Con il comma 304 è concesso un ulteriore periodo di 90 giorni di trattamento di integrazione salariale nel periodo compreso tra il 1° gennaio e il 30 giugno 2021 per i lavoratori dipendenti agricoli a tempo indeterminato (CISOA).
Ai sensi del comma 305, tutti i predetti benefici sono riconosciuti
anche in favore dei lavoratori assunti dopo il 25 marzo 2020 e in ogni
caso in forza al 1° gennaio 2021 (data di entrata in vigore della Legge
di Bilancio 2021).
Blocco dei licenziamenti fino al 31 marzo
I commi da 309 a 311 estendono fino al 31 marzo 2021 il divieto di
procedere a licenziamenti individuali per giustificato motivo oggettivo e
a quelli collettivi per motivi economici (con sospensione delle
procedure in corso).
Come espressamente previsto al comma 311, il divieto non si applica nelle ipotesi di licenziamenti motivati:
- dalla cessazione definitiva dell’attività dell’impresa,
conseguenti alla messa in liquidazione della società senza
continuazione, anche parziale, dell’attività, nei casi in cui nel corso
della liquidazione non si configuri la cessione di un complesso di beni o
attività che possano configurare un trasferimento d’azienda o di un
ramo di essa ai sensi dell’articolo 2112 del codice civile;
- in caso di fallimento, quando non sia previsto
l’esercizio provvisorio dell’impresa, ovvero ne sia disposta la
cessazione. Nei casi in cui l’esercizio provvisorio sia disposto per uno
specifico ramo dell’azienda, sono esclusi dal divieto i licenziamenti
riguardanti i settori non compresi nello stesso;
- nelle ipotesi di accordo collettivo aziendale,
stipulato dalle organizzazioni sindacali comparativamente più
rappresentative a livello nazionale, di incentivo alla risoluzione del
rapporto di lavoro, limitatamente ai lavoratori che aderiscono al
predetto accordo: a detti lavoratori è comunque riconosciuta l’indennità
di disoccupazione (Naspi).
Contratto di espansione interprofessionale
Il comma 349 - intervenendo sull’articolo 41 del D.Lgs. n. 148/2015 - proroga al 2021 l’operatività del contratto di espansione, estendendone l’applicazione anche alle imprese con almeno 500 dipendenti (in luogo dei 1.000 finora previsti). Tale strumento sarà attivabile anche dalle imprese con almeno di 250 unità nel caso in cui le stesse accompagnino le nuove assunzioni a uno scivolo per i lavoratori più vicini all’età pensionabile.

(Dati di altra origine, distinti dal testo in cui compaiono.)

Lemma pot_lo_le_hi (U : UT) v : [/\ 0 <= pot_lo U v, pot_lo U v <= pot_hi U v & pot_hi U v <= 1].
Proof. by rewrite /pot_lo /pot_hi inE; case: (v \in val U); case: (v \in T). Qed.

Lemma pot_in_trace (U : UT) v : v \in val U -> pot_lo U v = 0 /\ pot_hi U v = 0.
Proof. by rewrite /pot_lo /pot_hi inE => ->. Qed.

Lemma pot_off_trace (U : UT) v : v \in T :\: val U -> pot_lo U v = 1 /\ pot_hi U v = 1.
Proof. by rewrite /pot_lo /pot_hi !inE => /andP[-> ->]. Qed.

Lemma Tcut_lifting_block y (U : UT) : Tcut_lifting y ->
  exists mu : {set V} -> R, [/\ forall S, 0 <= mu S, \sum_S mu S = 1,
    forall S, mu S != 0 -> S :&: T = val U &
    forall e, y (lam_var U) * \sum_S mu S * cut_vec R S e <= y (edge_var U e)].
Proof.
move=> hy; set lam := y (lam_var U).
pose rho v := if lam == 0 then pot_lo U v else y (pot_var U v) / lam.
have rhoE v : rho v = if lam == 0 then pot_lo U v else y (pot_var U v) / lam by [].
clearbody rho.
have rho_range v : pot_lo U v <= rho v <= pot_hi U v.
  have [lo0 lohi hi1] := pot_lo_le_hi U v.
  rewrite rhoE; case: eqP => [_ | lam0]; first by rewrite lexx.
  have lam_gt0 : 0 < lam by rewrite lt_def (lam_ge0 hy) andbT; apply/eqP.
  by rewrite ler_pdivlMr // ler_pdivrMr // (pot_ge hy) (pot_le hy).
have [mu hmu] : exists mu, cut_decomposition rho mu.
  apply: cut_decomposition_exists => v; have := rho_range v.
  by have [? ? ?] := pot_lo_le_hi U v; lra.
exists mu; split; [exact: cut_weight_ge0 hmu | exact: cut_weight_sum hmu | |].
  apply: cut_support_setI hmu (valP U) _ _ => v.
    by move/pot_in_trace => [lo0 hi0]; have := rho_range v; rewrite lo0 hi0; lra.
  by move/pot_off_trace => [lo1 hi1]; have := rho_range v; rewrite lo1 hi1; lra.
move=> e; have [v [w [vw ve]]] := edge_ends e.
rewrite (eq_bigr (fun S => mu S * (separates v w S)%:R)) => [|S _]; last first.
  by rewrite (cut_vec_pair _ _ vw ve).
apply: le_trans (ler_wpM2l (lam_ge0 hy U) (cut_separation hmu v w)) _.
apply: le_trans (pot_dist_le_edge U hy ve).
rewrite !rhoE -/lam; case: eqP => [-> | /eqP lam0]; first by rewrite mul0r.
have lam_gt0 : 0 < lam by rewrite lt_def lam0 (lam_ge0 hy).
by rewrite -mulrBl normrM (gtr0_norm (_ : 0 < lam^-1)) ?invr_gt0 // mulrCA mulfV // mulr1.
Qed.

Lemma domTcut_of_lifting y : Tcut_lifting y -> domTcut T (fun e => \sum_U y (edge_var U e)).
Proof.
move=> hy; have /fin_all_exists[mu hmu] U := Tcut_lifting_block U hy.
pose lamS S := \sum_U y (lam_var U) * mu U S.
exists (fun e => \sum_S lamS S * cut_vec R S e); split.
  exists lamS; split; [|split; [|split]] => //.
  - move=> S; apply: sumr_ge0 => U _; rewrite mulr_ge0 ?(lam_ge0 hy) //.
    by have [] := hmu U.
  - move=> S notTcut; apply: big1 => U _.
    have [-> | muS] := eqVneq (mu U S) 0; first by rewrite mulr0.
    have [_ _ traceU _] := hmu U.
    have lam0 : y (lam_var U) = 0.
      apply/le_anti; rewrite (lam_ge0 hy) andbT (lam_even hy) //.
      by rewrite -(traceU S muS).
    by rewrite lam0 mul0r.
  - rewrite exchange_big /= -(lam_sum hy); apply: eq_bigr => U _.
    by have [_ sum1 _ _] := hmu U; rewrite -mulr_sumr sum1 mulr1.
move=> e; under eq_bigr do rewrite mulr_suml.
rewrite exchange_big /=; apply: ler_sum => U _.
have [_ _ _ dom] := hmu U; apply: le_trans (dom e); rewrite mulr_sumr.
by apply: ler_sum => S _; rewrite mulrA.
Qed.

Definition trace (S : {set V}) : UT := exist _ (S :&: T) (subsetIr S T).

Lemma pot_range_trace (U : UT) S v : S :&: T = val U ->
  pot_lo U v <= (v \notin S)%:R <= pot_hi U v.
Proof.
move=> tS; rewrite /pot_lo /pot_hi -tS !inE.
by case: (v \in S); case: (v \in T); rewrite /= ?lexx ?ler01.
Qed.

Lemma sum_trace (F : {set V} -> R) : \sum_U \sum_(S | trace S == U) F S = \sum_S F S.
Proof. by rewrite (partition_big trace predT). Qed.

Lemma lifting_of_domTcut x : domTcut T x ->
  exists y, Tcut_lifting y /\ forall e, x e = \sum_U y (edge_var U e).
Proof.
move=> [z [Pz z_le_x]]; case: Pz => lam [lam0 [lamT [lam1 zE]]].
(* The slack [x - z] is charged to the block of the empty trace. *)
pose U0 : UT := exist _ set0 (sub0set T).
pose y (c : Var) := match c with
  | inl (inl U) => \sum_(S | trace S == U) lam S
  | inl (inr (U, v)) => \sum_(S | trace S == U) lam S * (v \notin S)%:R
  | inr (U, e) => \sum_(S | trace S == U) lam S * cut_vec R S e + (U == U0)%:R * (x e - z e)
  end.
have edge_ge0 U e : 0 <= y (edge_var U e).
  rewrite /y /edge_var addr_ge0 ?mulr_ge0 ?subr_ge0 //.
  by apply: sumr_ge0 => S _; rewrite mulr_ge0 // /cut_vec; case: ifP.
exists y; split; last first.
  move=> e; rewrite /y /edge_var big_split /= sum_trace -zE (bigD1 U0) //= eqxx mul1r.
  by rewrite big1 => [|U /negbTE ->]; rewrite ?mul0r; ring.
split; rewrite /y /lam_var /pot_var /edge_var /=.
- by rewrite sum_trace.
- by move=> U; apply: sumr_ge0.
- move=> U even_U; rewrite le_eqVlt big1 ?eqxx // => S /eqP tS.
  by apply: lamT; rewrite /Tcut_set [S :&: T](congr1 val tS).
- move=> U v; rewrite mulr_sumr; apply: ler_sum => S /eqP tS.
  by rewrite mulrC ler_wpM2l // (andP (pot_range_trace v (congr1 val tS))).1.
- move=> U v; rewrite mulr_sumr; apply: ler_sum => S /eqP tS.
  by rewrite [leRHS]mulrC ler_wpM2l // (andP (pot_range_trace v (congr1 val tS))).2.
move=> U v w; have [<- | vw] := eqVneq v w.
  by rewrite subrr; apply: sumr_ge0 => e _; exact: edge_ge0.
rewrite (sum_joins _ (erefl : val (pair_edge vw) = [set v; w])).
apply: le_trans (_ : \sum_(S | trace S == U) lam S * cut_vec R S (pair_edge vw) <= _).
  rewrite -sumrB; apply: ler_sum => S _; rewrite -mulrBr ler_wpM2l //.
  rewrite (cut_vec_pair _ _ vw (erefl : val (pair_edge vw) = [set v; w])) /separates.
  by case: (v \in S); case: (w \in S); rewrite /= ?mulr0n ?mulr1n; lra.
by rewrite lerDl mulr_ge0 // subr_ge0.
Qed.

Lemma card_traces : #|{: UT}| = (2 ^ #|T|)%N.
Proof. by rewrite card_sig -card_powerset; apply: eq_card => A; rewrite powersetE inE. Qed.

Theorem xc_domTcut : xc_at_most (@domTcut R n T) (2 ^ #|T| * (n ^ 2 + 2 * n + 2) + 3)%N.
Proof.
have -> : (2 ^ #|T| * (n ^ 2 + 2 * n + 2) + 3 = #|{: Con}|.+1)%N.
  by rewrite !card_sum !card_prod card_traces card_bool card_ord; ring.
apply: (xc_at_most_system (M := Tcut_proj)) => x.
have projE y e : lin_eval (Tcut_proj e) y = \sum_U y (edge_var U e).
  by rewrite lin_eval_map mul1r.
split=> [/lifting_of_domTcut[y [hy xE]] | [y [/Tcut_rowsP hy xE]]].
  by exists y; split=> [|e]; [exact/Tcut_rowsP | rewrite xE projE].
have [z [Pz z_le]] := domTcut_of_lifting hy.
by exists z; split=> // e; rewrite xE projE.
Qed.
End TcutFormulation.

Lemma domTcut_ord0 (R : realFieldType) (T : {set 'I_0}) (x : edge 0 -> R) : ~ domTcut T x.
Proof.
move=> [z [Pz _]]; case: Pz => lam [_ [lamT [lam1 _]]].
suff : \sum_S lam S = 0 by rewrite lam1 => /eqP; rewrite oner_eq0.
apply: big1 => S _; apply: lamT.
by have := max_card (mem (S :&: T)); rewrite card_ord leqn0 /Tcut_set => /eqP ->.
Qed.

Per le aziende che occupano più di 1.000 dipendenti,
a fronte di un impegno ad assumere un lavoratore ogni 3 in uscita,
viene ulteriormente alleggerito il costo legato al prepensionamento.
ISCRO
I commi 386 a 401 disciplinano l’indennità straordinaria di continuità reddituale e operativa (ISCRO),
in favore dei soggetti iscritti alla gestione separata di cui
all’articolo 2, comma 26, della legge n. 335/1995, che esercitano per
professione abituale attività di lavoro autonomo (di cui al comma 1
dell’articolo 53 del TUIR) e non titolari di trattamento pensionistico
diretto (né essere assicurati presso altre forme previdenziali
obbligatorie) e non beneficiari di reddito di cittadinanza.

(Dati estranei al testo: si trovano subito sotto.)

Lemma schwarz_flow_ex_derive x t : D x t ->
  ex_derive (fun y => schwarz_flow y t) x /\ ex_derive (fun y => dx schwarz_flow y t) x.
Proof.
  intros Hd. assert (Hlx : forall y t, D y t -> lam * dx phi y t <> 0)
    by (intros; apply Rmult_integral_contrapositive_currified; auto).
  split.
  - unfold schwarz_flow. auto_derive. derivable_side Hd. auto.
  - apply (ex_derive_x_open_ext D _ (fun y =>
      (dt (dx phi) y t * dx phi y t - dt phi y t * dx (dx phi) y t) / (lam * dx phi y t ^ 2)));
      auto.
    + intros y Hy. symmetry. now apply dx_schwarz_flow.
    + auto_derive. derivable_side Hd. apply Rmult_integral_contrapositive_currified; auto.
      apply Rmult_integral_contrapositive_currified; auto; lra.
Qed.

Lemma schwarz_sol_lax_eqs A B :
  lax_eqs D (fun x t => / 2 * schwarzian phi x t) schwarz_flow lam (schwarz_sol phi A B).
Proof.
  intros x t Hd. split.
  - rewrite dx_dx_schwarz_sol by exact Hd. ring.
  - rewrite dt_schwarz_sol, dx_schwarz_sol, dx_schwarz_flow by exact Hd.
    unfold schwarz_flow. field_schwarz Hd.
Qed.

Lemma wronskian_schwarz_sol x t : D x t ->
  wronskian (schwarz_sol phi 0 1) (schwarz_sol phi 1 0) x t = dx phi x t / Rabs (dx phi x t).
Proof.
  intros Hd. unfold wronskian. rewrite !dx_schwarz_sol by exact Hd.
  rewrite <- (sqrt_sqrt (Rabs (dx phi x t))) by apply Rabs_pos.
  field_schwarz Hd.
Qed.
End SchwarzSolutions.

Theorem mainTheorem6 (D : R -> R -> Prop) (lam : R) (phi : R -> R -> R)
  (HDopen : open2 D) (HDconn : connected2 D) (HDne : exists x t, D x t)
  (Hlam : lam <> 0) (Hphi : smooth_on D phi)
  (Hphix : forall x t, D x t -> dx phi x t <> 0)
  (Heq : forall x t, D x t ->
     dt (schwarzian phi) x t
     + 4 / lam * dx (fun y s => dt phi y s / dx phi y s) x t = 0) :
  let p := fun x t => dt phi x t / (lam * dx phi x t) in
  let U := fun x t => / 2 * schwarzian phi x t + / lam in
  (forall V : R -> R -> R, smooth_on D V ->
     ((forall x t, D x t ->
         dx (dx V) x t + (U x t - / lam) * V x t = 0 /\
         dt V x t = lam * (p x t * dx V x t - / 2 * dx p x t * V x t))
      <->
      exists A B : R, forall x t, D x t ->
         V x t = (A * phi x t + B) / sqrt (Rabs (dx phi x t))))
  /\
  (forall A B : R,
     (forall x t, D x t -> (A * phi x t + B) / sqrt (Rabs (dx phi x t)) = 0) ->
     A = 0 /\ B = 0).
Proof.
  intros p U. destruct HDne as [x0 [t0 H0]].
  set (k := fun x t => U x t - / lam).
  assert (Hsol : forall A B, lax_eqs D k p lam (schwarz_sol phi A B)).
  { intros A B. apply (lax_eqs_coeff_ext D (fun x t => / 2 * schwarzian phi x t)).
    - intros x t _. unfold k, U. ring.
    - now apply schwarz_sol_lax_eqs. }
  split; [intros V HV; split|].
  - intros HVeqs.
    destruct (lax_solution_span D k p lam HDopen (schwarz_flow_ex_derive D phi HDopen Hphi Hphix lam Hlam)
      HDconn V (schwarz_sol phi 0 1) (schwarz_sol phi 1 0) x0 t0) as [a [b Hab]];
      auto using smooth_on_lax_regular, schwarz_sol_lax_regular.
    { rewrite (wronskian_schwarz_sol D phi Hphi Hphix x0 t0 H0). pose proof (Hphix x0 t0 H0).
      apply Rmult_integral_contrapositive_currified; auto.
      now apply Rinv_neq_0_compat, Rabs_no_R0. }
    exists b, a. intros x t Hd. rewrite Hab by exact Hd. unfold schwarz_sol. field.
    apply Rgt_not_eq, sqrt_abs_pos, Hphix, Hd.
  - intros [A [B HVAB]]. now apply (lax_eqs_open_ext D k p lam V (schwarz_sol phi A B)).
  - intros A B. now apply (schwarz_sol_eq0 D phi HDopen Hphi Hphix A B x0 t0).
Qed.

L’indennità è pari al 25%, su base semestrale, dell’ultimo reddito liquidato dall’Agenzia delle Entrate e viene erogata dall’INPS in 6 mensilità, di importo variabile da un minimo di 250 euro a un massimo di 800 euro al mese.
La domanda per accedere all’indennità deve
presentata, in via telematica, all’INPS, entro il termine, fissato a
pena di decadenza, del 31 ottobre di ciascuno degli anni dal 2021 al
2023.
Per poter presentare domanda, occorre:
- essere titolari di partita IVA attiva da almeno 4 anni, alla data
della richiesta, per l’attività che ha dato titolo all’iscrizione alla
gestione previdenziale in corso il reddito registrato nell’anno
precedente la richiesta deve essere inferiore al 50% e non superiore a
8.145 euro;
- avere prodotto un reddito di lavoro autonomo, nell’anno
precedente la richiesta, inferiore al 50% della media dei redditi dei 3
ulteriori anni precedenti;
- aver dichiarato nell’anno precedente la richiesta un reddito non superiore a 8.145 euro (rivalutato annualmente);
- essere in regola con la contribuzione previdenziale obbligatoria.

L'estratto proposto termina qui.